この白杖は、T字白杖(いわゆる支持白杖)です。支持白杖とは、身体の側面で白杖を保持し、体重を支えて歩行するための白杖です。従来の支持白杖と異なる点は「自立式」という点です。自立式とは、白杖の石突き部分が広がっており、4点で支えるものです。介護の世界ではよく目にする杖ですが、白杖としては今まで販売されていませんでしたので、早速、支援センターの展示品として、購入してみました。
令和6年度の「見えづらさの相談会」に持ってくるして、皆さんに体験していただこうと考えています。また、支援センターにも常時展示してありますので、興味のある方はお声がけください。
ちなみに、現在の価格は本体価格で折りたたみタイプが6,000円、伸縮タイプが5,000円です。価格は変動する可能性がありますので、支援センターまでお問い合わせください。
◆県視覚障がい者生活支援センター 電話番号 024(535)5275
福祉協会だより
「音の出る信号機」の贈呈式に参加
今年度もラジオ福島の「通りゃんせ基金キャンペーン」からのご支援をいただき、「音の出る信号機」と「音声案内装置」が本協会でお願いした2カ所に、設置されることが決まりました。
「音の出る信号機」が新たに設置される場所は、会津若松市内の「会津武家屋敷前交差点」です。
去る10月16日に県庁副知事室で寄贈式が行われ、株式会社ラジオ福島の花見社長様から、福島県の佐藤副知事に目録が贈呈されました。本協会からは阿曽会長が出席し謝辞を述べました。
信号機の稼働時期については現在のところ未定であり、正式に決まり次第、点字図書館からのメールなどで皆さまにお知らせしたいと思います。

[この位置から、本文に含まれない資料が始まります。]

(* Let $\mu$ be a probability distribution supported in the unit square $[0,1]^2$, let $\mu_n$ be an empirical distribution of $\mu$ on $n$ samples, let $\alpha\ge 0$, and let $\mathcal{G}$ be a grid partitioning $[0,1]^2$ into axis-aligned square cells of side length $n^{-\alpha}$. Then with high probability $\mathrm{Exc}_\mu(\mathcal{G})=\tilde O(n^{\alpha-1/2})$.
   Context: For a cell $\Box$ of $\mathcal{G}$, $\mu(\Box)$ and $\mu_n(\Box)$ denote the mass of $\mu$ and $\mu_n$ in $\Box$. The excess of a cell is $\mathrm{Exc}_\mu(\Box)=\max\{0,\mu(\Box)-\mu_n(\Box)\}$ and the excess of the grid is $\mathrm{Exc}_\mu(\mathcal{G})=\sum_{\Box\in\mathcal{G}}\mathrm{Exc}_\mu(\Box)$. An empirical distribution $\mu_n$ is $\frac1n\sum_{i=1}^n\delta_{x_i}$ with $x_1,\dots,x_n$ i.i.d. from $\mu$. $\tilde O(\cdot)$ hides polylogarithmic factors in $n$; ''with high probability'' means with probability at least $1-n^{-c}$ for some constant $c>0$. *)

From HB Require Import structures.
From mathcomp Require Import all_boot all_order all_algebra.
From mathcomp Require Import all_classical all_reals all_analysis.
Set Implicit Arguments. Unset Strict Implicit. Unset Printing Implicit Defensive.
Import Order.TTheory GRing.Theory Num.Theory.
Import numFieldNormedType.Exports.
Local Open Scope classical_set_scope.
Local Open Scope ring_scope.

Section Grid.
Variable R : realType.

Definition unit_square : set (R * R) :=
  [set p | (0 <= p.1 <= 1) /\ (0 <= p.2 <= 1)].

Definition grid_side (n : nat) (alpha : R) : R := (n%:R) `^ (- alpha).

Definition grid_count (n : nat) (alpha : R) : nat :=
  `|Num.ceil ((grid_side n alpha)^-1)|%N.

(* index of the column (row) containing coordinate x in [0,1]; the last
   column is closed on the right (and possibly truncated by the boundary) *)
Definition grid_idx (n : nat) (alpha : R) (x : R) : nat :=
  minn `|Num.floor (x / grid_side n alpha)|%N (grid_count n alpha).-1.

Definition grid_cell (n : nat) (alpha : R) (i j : nat) : set (R * R) :=
  [set p | unit_square p /\ grid_idx n alpha p.1 = i /\ grid_idx n alpha p.2 = j].

Definition empirical_mass (n : nat) (xs : 'I_n -> R * R) (C : set (R * R)) : R :=
  (n%:R)^-1 * \sum_(i < n) \1_C (xs i).

Definition grid_excess (mu : set (R * R) -> \bar R) (n : nat) (alpha : R)
    (xs : 'I_n -> R * R) : R :=
  \sum_(i < grid_count n alpha) \sum_(j < grid_count n alpha)
    Num.max 0 (fine (mu (grid_cell n alpha i j)) -
               empirical_mass xs (grid_cell n alpha i j)).
End Grid.

Definition iid_sample (R : realType) (d : measure_display) (Omega : measurableType d)
    (P : probability Omega R) (mu : probability (R * R)%type R) (n : nat)
    (X : 'I_n -> Omega -> R * R) : Prop :=
  (forall i, measurable_fun setT (X i)) /\
  (forall i (B : set (R * R)), measurable B -> P (X i @^-1` B) = mu B) /\
  (forall B : 'I_n -> set (R * R), (forall i, measurable (B i)) ->
     P (\bigcap_(i in [set: 'I_n]) (X i @^-1` B i)) =
     (\prod_(i < n) P (X i @^-1` B i))%E).

From HB Require Import structures.
From mathcomp Require Import all_boot all_order all_algebra.
From mathcomp Require Import all_classical all_reals all_analysis.
From mathcomp Require Import ring lra zify.
Set Implicit Arguments. Unset Strict Implicit. Unset Printing Implicit Defensive.
Import Order.TTheory GRing.Theory Num.Theory.
Import numFieldNormedType.Exports.
Local Open Scope classical_set_scope.
Local Open Scope ring_scope.

(* For a cell C of mass p, the set of samples falling in C is a pattern
   f : {ffun 'I_n -> bool} of probability \prod_i (if f i then p else 1 - p),
   and the exponential Markov inequality over these patterns (Chernoff) gives
   P (p - mu_n C > t p + D) <= exp (- n t D) for all t >= 0.  With
   t = n^(alpha - 1/2) and D = K ln n / (t n), K = 2 alpha + 3, each of the
   at most 4 n^(2 alpha) cells fails with probability n^-K, so all cells are
   good with probability >= 1 - 4 n^-3 >= 1 - 1/n, and then
   Exc <= t * sum_C p + #cells * D <= t + 4 K t ln n. *)

Lemma expRN_le_quadratic (R : realType) (l : R) : 0 <= l -> expR (- l) <= 1 - l + l ^+ 2.
Proof.
move=> l0.
have sq_le : (1 + l / 2) ^+ 2 <= expR l.
  have -> : expR l = expR (l / 2) ^+ 2 by rewrite -expRM_natl; congr expR; field.
  by rewrite lerXn2r ?nnegrE ?expR_ge0 ?expR_ge1Dx//; lra.
rewrite expRN -(ler_pM2r (expR_gt0 l)) mulVf ?gt_eqF ?expR_gt0//.
have : 0 < 1 - l + l ^+ 2 by nra.
nra.
Qed.

Section bernoulli_patterns.
Variables (R : realType) (n : nat).
Implicit Types (p l a : R) (f : {ffun 'I_n -> bool}).

Definition pattern_weight p f : R := \prod_(i < n) (if f i then p else 1 - p).

Definition pattern_count f : R := \sum_(i < n) (f i)%:R.

Lemma pattern_weight_ge0 p f : 0 <= p <= 1 -> 0 <= pattern_weight p f.
Proof. by move=> p01; apply: prodr_ge0 => i _; case: (f i); lra. Qed.

Lemma sum_pattern_weight_expR p l :
  \sum_f pattern_weight p f * expR (- (l * pattern_count f)) =
  (p * expR (- l) + (1 - p)) ^+ n.
Proof.
transitivity (\prod_(i < n) \sum_(b : bool) (if b then p * expR (- l) else 1 - p)).
  rewrite bigA_distr_bigA /=; apply: eq_bigr => f _.
  rewrite mulr_sumr -sumrN expR_sum -big_split /=.
  by apply: eq_bigr => i _; case: (f i); rewrite ?mulr1 ?mulr0 ?oppr0 ?expR0 ?mulr1.
by rewrite prodr_const card_ord big_bool.
Qed.

Lemma bernoulli_mgf_le p l : 0 <= p <= 1 -> 0 <= l ->
  p * expR (- l) + (1 - p) <= expR (- (p * l) + p * l ^+ 2).
Proof.
move=> p01 l0; apply: le_trans (expR_ge1Dx _).
by have := @expRN_le_quadratic R l l0; nra.
Qed.

Lemma pattern_lower_tail p l a (Q : pred {ffun 'I_n -> bool}) :
  0 <= p <= 1 -> 0 <= l -> (forall f, Q f -> pattern_count f <= a) ->
  \sum_(f | Q f) pattern_weight p f <= expR (l * a) * (p * expR (- l) + (1 - p)) ^+ n.
Proof.
move=> p01 l0 Qa; rewrite -sum_pattern_weight_expR mulr_sumr.
rewrite [leRHS](bigID Q) /= -[leLHS]addr0; apply: lerD.
  apply: ler_sum => f /Qa fa.
  rewrite mulrCA -expRD -[leLHS]mulr1 ler_wpM2l ?pattern_weight_ge0//.
  by rewrite -expR0 ler_expR -mulrBr mulr_ge0// subr_ge0.
apply: sumr_ge0 => f _.
by rewrite mulr_ge0 ?expR_ge0 ?mulr_ge0 ?pattern_weight_ge0.
Qed.

Lemma pattern_deficit_tail p t D : (0 < n)%N -> 0 <= p <= 1 -> 0 <= t ->
  \sum_(f | t * p + D < p - pattern_count f / n%:R) pattern_weight p f <=
    expR (- (n%:R * t * D)).
Proof.
move=> n0 p01 t0.
have nR0 : 0 < n%:R :> R by rewrite ltr0n.
(* Chernoff with l := t; the exponent t a - n p t + n p t^2 collapses to - n t D. *)
apply: le_trans (@pattern_lower_tail p t (n%:R * (p - t * p - D))
  (fun f => t * p + D < p - pattern_count f / n%:R) p01 t0 _) _.
  move=> f /ltW fD; rewrite -ler_pdivrMl //; lra.
apply: le_trans (ler_wpM2l (expR_ge0 _)
  (_ : _ <= expR (- (p * t) + p * t ^+ 2) ^+ n)) _.
  rewrite lerXn2r ?nnegrE ?expR_ge0 ?bernoulli_mgf_le//.
  by have := expR_ge0 (- t); nra.
rewrite -expRM_natl -expRD ler_expR; nra.
Qed.
End bernoulli_patterns.
Arguments pattern_count {R n}.

Lemma fsbigE_fintype (R : realType) (T : finType) (A : set T) (F : T -> \bar R) :
  (\sum_(i \in A) F i = \sum_(i | i \in A) F i)%E.
Proof.
rewrite (bigfs _ _ (r := index_enum T)) ?index_enum_uniq ?set_mem_set //.
by move=> i _; rewrite mem_index_enum.
Qed.

Lemma fine_probability_itv (R : realType) d (T : measurableType d)
    (mu : probability T R) (A : set T) :
  measurable A -> 0 <= fine (mu A) <= 1.
Proof.
move=> mA; rewrite fine_ge0 //=.
by rewrite -lee_fin fineK ?fin_num_measure ?probability_le1.
Qed.

Section sample_patterns.
Variables (R : realType) (d : measure_display) (Omega : measurableType d)
  (P : probability Omega R) (mu : probability (R * R)%type R) (n : nat)
  (X : 'I_n -> Omega -> R * R).
Hypothesis X_iid : iid_sample P mu X.
Implicit Types (C : set (R * R)) (f : {ffun 'I_n -> bool}).

Definition hits C (w : Omega) : {ffun 'I_n -> bool} := [ffun i => X i w \in C].

Let side_event C f i : set Omega := X i @^-1` (if f i then C else ~` C).

Lemma hits_preimage1 C f :
  hits C @^-1` [set f] = \bigcap_(i in [set: 'I_n]) side_event C f i.
Proof.
apply/seteqP; split => w /=.
  move=> <- i _; rewrite /side_event ffunE /=.
  by case: ifPn => [/set_mem | /negP Cw] //= /mem_set.
move=> hw; apply/ffunP => i; rewrite ffunE; have := hw i I.
by rewrite /side_event /=; case: (f i) => /= Cw; [rewrite mem_set | rewrite memNset].
Qed.

Lemma measurable_side_event C f i : measurable C -> measurable (side_event C f i).
Proof.
move=> mC; rewrite -[side_event _ _ _]setTI; apply: (X_iid.1 i) => //.
by case: (f i) => //; apply: measurableC.
Qed.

また、「音声案内装置」は会津若松駅前に設置されます。この場所は、以前に設置されていた機器が経年劣化し稼動しなくなったため、機器の入れ替えを行うことになりました。
また、来年度の設置に向けて、「音の出る信号機」や「音声案内装置」の設置希望場所を募集しています。多くの皆さまのご要望をお聞かせください。お待ちしています。